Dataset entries
Lemma counting_chain n c g B r :
  2 ^ n <= 60 * g -> g <= 2 ^ c.+1 * n.+1 * B -> B * 2 ^ n <= 2 ^ r * 3 ^ n ->
  2 ^ n * 2 ^ n <= 120 * n.+1 * 2 ^ (c + r) * 3 ^ n.
Proof.
move=> h1 h2 h3.
have e1 : 2 ^ n * 2 ^ n <= 60 * (2 ^ c.+1 * n.+1 * B) * 2 ^ n.
  by rewrite leq_mul2r (leq_trans h1) ?orbT // leq_mul2l h2 orbT.
apply: (leq_trans e1); rewrite expnS expnD.
move: (2 ^ c) (2 ^ r) (3 ^ n) (2 ^ n) h3 => a b d e h3.
have -> : 60 * (2 * a * n.+1 * B) * e = (120 * n.+1 * a) * (B * e) by lia.
have -> : 120 * n.+1 * (a * b) * d = (120 * n.+1 * a) * (b * d) by lia.
by rewrite leq_mul2l h3 orbT.
Qed.

Local Open Scope R_scope.

Lemma message_size_le_cost n (P : protocol n) (w : Omega P) x :
  (size (Alice w x) <= cost P)%N.
Proof.
apply: (@leq_trans (\max_(x' : F2vec n) size (Alice w x'))); first exact: leq_bigmax.
exact: (leq_bigmax w).
Qed.

Definition guess_bit n (P : protocol n) (w : Omega P) (m : seq bool) (k : nat)
    (i : 'I_n) : bool :=
  eqR (Bob w m (ei i)) (INR k.-1 / INR n).

Lemma guess_bit_correct n (P : protocol n) (w : Omega P) x i :
  correct (xor_fun (@fcard n)) w x (ei i) ->
  guess_bit w (Alice w x) #|supp x| i = x i.
Proof. by move=> /eqRP e; rewrite /guess_bit e fcard_flip_reveals. Qed.

Lemma guess_errors_le n (P : protocol n) (w : Omega P) (x : F2vec n) :
  (#|[set i | x i != guess_bit w (Alice w x) #|supp x| i]|
     + \sum_(i : 'I_n) correct (xor_fun (@fcard n)) w x (ei i) <= n)%N.
Proof.
set ok := [set i | correct (xor_fun (@fcard n)) w x (ei i)].
have card_ok : #|ok| = (\sum_(i : 'I_n) correct (xor_fun (@fcard n)) w x (ei i))%N.
  rewrite -sum1_card big_mkcond; apply: eq_bigr => i _.
  by rewrite inE; case: correct.
have sub : [set i | x i != guess_bit w (Alice w x) #|supp x| i] \subset ~: ok.
  apply/subsetP => i; rewrite !inE; apply: contraNN => /guess_bit_correct ->.
  by rewrite eqxx.
have := subset_leq_card sub; have := cardsC ok; rewrite card_ord -card_ok.
lia.
Qed.

Lemma hamming_oneway_lower n (P : protocol n) :
  (1000 <= n)%N -> computes_with_error P (1 / 3) (xor_fun (@fcard n)) ->
  (n <= 100 * cost P)%N.
Proof.
move=> hn [hdist hcorr]; set F := xor_fun (@fcard n) in hcorr *.
have query_ok (j : F2vec n * 'I_n) : 2 / 3 <= prob_correct P F j.1 (ei j.2).
  by have := hcorr j.1 (ei j.2); lra.
have [w hw] := exists_good_randomness (inp := fun j => (j.1, ei j.2)) hdist query_ok.
pose c x := (\sum_(i : 'I_n) correct F w x (ei i))%N.
have card_X : #|F2vec n| = (2 ^ n)%N by rewrite card_ffun card_bool card_ord.
have hsum : (2 * n * #|F2vec n| <= 3 * \sum_x c x)%N.
  rewrite pair_big; apply/leP/INR_le; rewrite !mult_INR card_X.
  move: hw; rewrite card_prod card_ffun card_bool !card_ord mult_INR /=.
  (* [set] identifies the convertible copies of these atoms for [lra]. *)
  by set S := INR (\sum_j _); set T := INR (2 ^ n); lra.
set G := [set x | 13 * n <= 20 * c x]%N.
have many_good : (2 ^ n <= 60 * #|G|)%N.
  rewrite -card_X; apply: many_mostly_correct hsum; first lia.
  by move=> x; rewrite /c; have := guess_errors_le w x; rewrite -/F; lia.
have few_errors (x : F2vec n) : x \in G ->
    (20 * #|[set i | x i != guess_bit w (Alice w x) #|supp x| i]| <= 7 * n)%N.
  by rewrite inE /c => good; have := guess_errors_le w x; rewrite -/F; lia.
have decodable := card_decodable (message_size_le_cost w) few_errors.
apply: exp_growth hn _ (counting_chain many_good decodable (ball_bound _ _)).
by rewrite mulnC leq_trunc_div.
Qed.

Theorem mainTheorem12 :
  exists c1 c2 : R, 0 < c1 /\ 0 < c2 /\
  exists N : nat, forall n : nat, (N <= n)%nat ->
    exists f : {set 'I_n} -> R,
      monotone_sf f /\
      (forall S, 0 <= f S /\ f S <= 1) /\
      lipschitz_sf (c1 / INR n) f /\
      submodular_sf f /\
      oneway_cc_ge (1 / 3) (xor_fun f) (c2 * INR n).
Proof.
exists 1, (1 / 100); split; first lra; split; first lra.
exists 1000%N => n hn; exists (@fcard n).
split; first exact: fcard_mono.
split; first by move=> S; split; [exact: fcard_ge0 | exact: fcard_le1].
split; first exact: fcard_lip.
split; first exact: fcard_sub.
move=> P /(hamming_oneway_lower hn) /leP /le_INR.
rewrite mult_INR; have -> : INR 100 = 100 by simpl; lra.
lra.
Qed.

## What the exercise asks
Would you please repeat exactly the lines above, starting at the line with "exists c1 c2 : R, 0 < c1 /\ 0 < c2 /\" and stopping at the line with "submodular_sf f /\", both included?

## Result of the exercise
  exists c1 c2 : R, 0 < c1 /\ 0 < c2 /\
  exists N : nat, forall n : nat, (N <= n)%nat ->
    exists f : {set 'I_n} -> R,
      monotone_sf f /\
      (forall S, 0 <= f S /\ f S <= 1) /\
      lipschitz_sf (c1 / INR n) f /\
      submodular_sf f /\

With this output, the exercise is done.